Things lower on a parse tree aren't less important than things higher. It just represents a dependency relationship.
You still need some way to find what's "less important", which is what the topic is all about, like by using grammar dependency or keywords infrequency.
I have some experience in this area. I found keyword frequency worked quite well.
This illustrates the importance of taking the trouble to understand a domain before trying to model it. I was taught in journalism class that the first paragraph of a newspaper article should summarize the story, the next 3-5 paragraphs summarize again, then the rest of the article fill in the details. Not only do the authors spend time discovering what should have been known from the outset, they reverse cause and effect. The model can generate good headlines due to the nature of newpaper writing, not due to the nature of headlines.
Was hoping to get rather some more insights on this.
Because when looking at the examples given, I wonder if we really need machine learning to summarize single sentences? Just by cutting all adjectives, replacing words by abbreviations and multiple words by potential category terms, we should face similar results. Maybe it's just a start or did I miss anything?
It is still mostly inane garbage but the content and gems have improved steadily over the past year or so. Interesting experiment in any case.
We encourage you to try the code and see for yourself.
 That is, the problem of selecting a sentence such as "He approved the motion" and then realising that "he" is now undefined.
As for how does the model deal with co-reference? There's no special logic for that.
>>"In those tasks training from scratch with this model architecture does not do as well as some other techniques we're researching, but it serves as a baseline."
Can you elaborate a little on that? Is the training the problem or is the model just not good at longer texts?
I've seen copynet, where you do seq2seq but also have a copy mechanism to copy rare words from the source sentence to the target sentence.
article: novell inc. chief executive officer eric schmidt has been named chairman of the internet search-engine company google .
human: novell ceo named google chairman
machine: novell chief executive named to head internet company
(It's still great that it beats all competition on the ROUGE score, of course.)
I thought the generated summary was really, really good. But I knew that Novell wasn't considered an internet company, so it wasn't until I made myself ignore that before I could see the other reading.
On the other hand, the football summary is exemplary; better than the provided abstract.
> hainan to curb spread of diseases
That sentence pretty much conveys no useful information - every city wants to "curb spread of diseases", so what has actually changed? The news here is about restriction on livestock, and even a student journalist would be expected to do better than this headline.
To be clear I'm excited about the idea and believe machine learning has much better potential for enormous refinements compared to SMMRY's method (as described by them), I just don't think it's as "done" as a lot of people here seem to assume it to be.
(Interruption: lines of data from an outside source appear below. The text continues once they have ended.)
Section MinimalIdealOver.
Variables (F : fieldType) (L : vectType F) (br : L -> L -> L).
Hypothesis hbr : is_lie_bracket br.
Variables A B : {vspace L}.
Hypotheses (idA : lie_ideal br A) (nsolA : ~ solvable_mod br A).
Hypothesis solvable_mod_above : forall J, lie_ideal br J -> (A <= J)%VS -> J != A ->
  solvable_mod br J.
Hypotheses (idB : lie_ideal br B) (AB : (A <= B)%VS) (BnA : B != A).
Hypothesis minB : forall J, lie_ideal br J -> (A <= J)%VS -> J != A -> (\dim B <= \dim J)%N.

(* Otherwise [B :&: J = A], and [L / A] would be solvable as [L / B] and [L / J] are. *)
Lemma min_ideal_subv J : lie_ideal br J -> (A <= J)%VS -> J != A -> (B <= J)%VS.
Proof.
move=> idJ AJ JnA; have [BJ|BJnA] := eqVneq (B :&: J)%VS A.
  by case: nsolA; rewrite -BJ; apply: (solvable_mod_capv hbr); apply: solvable_mod_above.
have AJB : (A <= B :&: J)%VS by rewrite subv_cap AB AJ.
have := minB (lie_ideal_capv hbr idB idJ) AJB BJnA.
by rewrite (geq_leqif (dimv_leqif_eq (capvSl B J))) => /eqP <-; apply: capvSr.
Qed.

Lemma min_ideal_perfect : (B <= lie_brs br B B + A)%VS.
Proof.
apply: min_ideal_subv; [|exact: addvSr|].
  by apply: lie_ideal_addv => //; apply: lie_ideal_brs.
apply: contra_not_neq nsolA => BBA; have [n dB] := solvable_mod_above idB AB BnA.
exists n.+1; rewrite derivedS -BBA (subv_trans (lie_brsS hbr dB dB)) ?addvSl //.
Qed.

Lemma min_ideal_subv_maximal M : has_abelian_ideal_completion br M -> (A <= M)%VS ->
  (B <= M)%VS.
Proof.
move=> aicM AM.
have [C [idC AC CnM CCM Cmin]] := abelian_ideal_completion_addv hbr idA AM aicM.
have CnA : C != A by apply: contraNneq CnM => ->.
have [BC|BnC] := eqVneq B C; last exact: Cmin (min_ideal_subv idC AC CnA) BnC.
by apply: subv_trans min_ideal_perfect _; rewrite subv_add AM andbT BC.
Qed.

(* By Engel, some [u] of [B] outside [A] has [[B, u] <= A]; such vectors form an ideal
   over [A], which must then contain [B]. *)
Lemma min_ideal_abelian_mod : ad_nilpotent_mod br A B -> (lie_brs br B B <= A)%VS.
Proof.
move=> nilB; have algB := ideal_subalgebra idB.
have nBA : ~~ (B <= A)%VS by apply: contra BnA => BA; rewrite eqEsubv BA.
have [u [Bu nAu Bu_A]] := engel_fixed_vector hbr idA algB AB nilB nBA (subvv A)
  (fun s v _ Bv => proj1 (idB s Bv)) (fun s v _ Av => proj1 (idA s Av)).
pose Q z := z \in B /\ forall b, b \in B -> br b z \in A.
have Q0 : Q 0 by split=> [|b _]; rewrite ?(br0r hbr) mem0v.
have QZD a y z : Q y -> Q z -> Q (a *: y + z).
  move=> [By Ay] [Bz Az]; split=> [|b Bb]; first by rewrite memvD ?memvZ.
  by rewrite (brZDr hbr) memvD ?memvZ ?Ay ?Az.
have [Z memZ] := ex_vspace_pred Q0 QZD.
have idZ : lie_ideal br Z.
  apply: (lie_idealP hbr) => x z /memZ[Bz Az]; apply/memZ; split; first by case: (idB x Bz).
  move=> b Bb; rewrite (jacobi hbr) memvD ?Az //; last by case: (idA x (Az b Bb)).
  by case: (idB x Bb).
have AZ : (A <= Z)%VS.
  by apply/subvP => a Aa; apply/memZ; split=> [|b _]; [apply: (subvP AB) | case: (idA b Aa)].
have ZnA : Z != A by apply: contraNneq nAu => <-; apply/memZ.
have /subvP BZ := min_ideal_subv idZ AZ ZnA.
by apply: lie_brs_subv => b z Bb /BZ /memZ[_]; apply.
Qed.

Lemma min_ideal_not_all_abelian_completions :
  ~ (forall M, maximal_subalgebra br M -> has_abelian_ideal_completion br M).
Proof.
move=> aic.
have subBM M (maxM : maximal_subalgebra br M) := min_ideal_subv_maximal (aic M maxM).
have BBA := min_ideal_abelian_mod (frattini_ad_nilpotent hbr idA idB subBM).
case/negP: BnA; rewrite eqEsubv AB andbT.
by apply: subv_trans min_ideal_perfect _; rewrite subv_add BBA subvv.
Qed.

End MinimalIdealOver.

Lemma solvable_mod_ideal (F : fieldType) (L : vectType F) (br : L -> L -> L) :
  is_lie_bracket br ->
  (forall M, maximal_subalgebra br M -> has_abelian_ideal_completion br M) ->
  forall A, lie_ideal br A -> solvable_mod br A.
Proof.
move=> hbr aic A idA; move: {2}(\dim {:L} - \dim A)%N (leqnn (\dim {:L} - \dim A)) => m.
elim: m A idA => [|m IHm] A idA codimA.
  exists 0%N; have /eqP -> : A == fullv by rewrite eqEdim subvf -subn_eq0 -leqn0.
  exact: subvv.
apply: NNPP => nsolA.
have solJ J : lie_ideal br J -> (A <= J)%VS -> J != A -> solvable_mod br J.
  move=> idJ AJ JnA; apply: IHm => //.
  rewrite eq_sym in JnA; have := ltn_dimvS AJ JnA; have := dimvS (subvf J); lia.
pose P J := [/\ lie_ideal br J, (A <= J)%VS & J != A].
have Pf : P fullv.
  by split; [apply: lie_idealf | apply: subvf | apply: contra_not_neq nsolA => <-; exists 0%N].
have [B [[idB AB BnA] Bmin]] := ex_argmin (fun J => \dim J) (ex_intro P _ Pf).
apply: (min_ideal_not_all_abelian_completions hbr idA nsolA solJ idB AB BnA) aic.
by move=> J idJ AJ JnA; apply: Bmin.
Qed.

Unset Implicit Arguments.

Theorem theorem2p10 (F : fieldType) (L : vectType F) (br : L -> L -> L)
  (hbr : is_lie_bracket br) :
  lie_solvable br <->
  (forall M : {vspace L}, maximal_subalgebra br M -> has_abelian_ideal_completion br M).
Proof.
split=> [solL M|aic]; first exact: solvable_ideal_completion.
have [n derived_n] := solvable_mod_ideal hbr aic (lie_ideal0 hbr).
by exists n; apply/eqP; rewrite -subv0.
Qed.
Lemma cpl_step_root_sound G C :
  cpl_step bool_lt false (cpl_beyond bool_lt_conv_wf false) G C ->
  incl_at true G G0 -> incl_at true G0 G ->
  (forall A, In (A, false) G -> eval_root (cpl bool_lt_conv_wf true G0) A) ->
  eval_root (cpl bool_lt_conv_wf true G0) C.
Proof.
  induction 1 as [G A hin | G C hbot IHbot | G A B hB IHB | G A B hAB IHAB hA IHA
    | G A y Rxy [_ hy] | G A hsucc | G A C hdia IHdia hk IHk | G A C hbox IHbox hk IHk];
    simpl; intros hGG0 hG0G hG.
  - exact (hG A hin).
  - destruct (IHbot hGG0 hG0G hG).
  - intro ha; apply IHB.
    + apply incl_at_cons_l; [discriminate | exact hGG0].
    + apply incl_at_cons_r, hG0G.
    + intros A' [[= ->] | hin]; auto.
  - exact (IHAB hGG0 hG0G hG (IHA hGG0 hG0G hG)).
  - destruct Rxy as [_ ->]; exact (cpl_leaf_weaken hGG0 hy).
  - destruct (hsucc true bool_lt_false_true) as [_ hy]; exact (cpl_leaf_weaken hGG0 hy).
  - apply (IHk true bool_lt_false_true); auto.
    apply (cpl_beyond_succ bool_lt_false_true), (cpl_leaf_weaken hG0G), IHdia; auto.
  - apply IHk; auto.
    intros y [_ ->].
    apply (cpl_beyond_succ bool_lt_false_true), (cpl_leaf_weaken hG0G), IHbox; auto.
Qed.

Hypothesis leaf_consistent : ~ cpls bool_lt_conv_wf true G0 Bot.
(* In the setting of the context, $S^2=(q|_B)^{-1}$.
   Context: $k$ is a field; $C_R(S)=\{r\in R:rs=sr\ \forall s\in S\}$. $N\subseteq M$ is a strongly separable, irreducible extension of $k$-algebras: $C_M(N)=k1$ and there are an $N$-bimodule map $E:M\to N$ and $x_1,\dots,x_n,y_1,\dots,y_n\in M$ with $\sum_iE(mx_i)y_i=m=\sum_ix_iE(y_im)$ for all $m\in M$, $E(1)\neq0$, $\sum_ix_iy_i\neq0$; normalized so that $E(1)=1$, whence $\sum_ix_iy_i=\lambda^{-1}1$ with $0\neq\lambda\in k$. Basic construction: given $S\subseteq R$, an $S$-bimodule map $E_S:R\to S$ with $E_S(1)=1$ and $r_i,s_i\in R$ with $\sum_iE_S(rr_i)s_i=r=\sum_ir_iE_S(s_ir)$ and $\sum_ir_is_i=\lambda^{-1}1$, set $R_1=R\otimes_SR$ with product $(a\otimes b)(c\otimes d)=aE_S(bc)\otimes d$, unit $\sum_ir_i\otimes s_i$, $R\subseteq R_1$ via $r\mapsto\sum_irr_i\otimes s_i$, Jones idempotent $e=1\otimes1$, $E_R:R_1\to R$, $a\otimes b\mapsto\lambda ab$; then $E_R$, $\lambda^{-1}r_i\otimes1$, $1\otimes s_i$ satisfy the same conditions with the same $\lambda$. From $(N\subseteq M,E)$ get $M_1,e_1,E_M$; from $(M\subseteq M_1,E_M)$ get $M_2,e_2,E_{M_1}$. Let $A=C_{M_1}(N)$, $B=C_{M_2}(M)$, $C=C_{M_2}(N)$. Depth 2 is assumed: $M_1$ is free as right $M$-module with basis in $A$, $M_2$ free as right $M_1$-module with basis in $B$. Let $F=E_M\circ E_{M_1}$; on $C$ it takes values in $k1\cong k$ and is faithful. $q:C\to C$ is the Nakayama automorphism of $F$: $F(q(c)c')=F(c'c)$ for all $c,c'\in C$; it maps $B$ onto $B$. The antipode $S:B\to B$ is the linear map defined by $E_{M_1}(be_1e_2)=E_{M_1}(e_2e_1S(b))$ for all $b\in B$ (well defined since $b\mapsto E_{M_1}(e_2e_1b)$ is a linear bijection $B\to A$). *)

From HB Require Import structures.
From mathcomp Require Import all_boot all_order all_algebra.
Set Implicit Arguments. Unset Strict Implicit. Unset Printing Implicit Defensive.
Import GRing.Theory.
Local Open Scope ring_scope.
Start with Scikit-Learn or R.
Once you start doing neural network stuff, start with Keras on top of TF.
Edit: Hey, found it! https://github.com/mck-/oneliner
Probably not as sophisticated but does the business. Nice bit of work done on this.
# Run the eval. Try to avoid running on the same matchine as training.
Either way, this is great research with a ton of real world applications!
That would suggest that this method doesn't work well for long documents.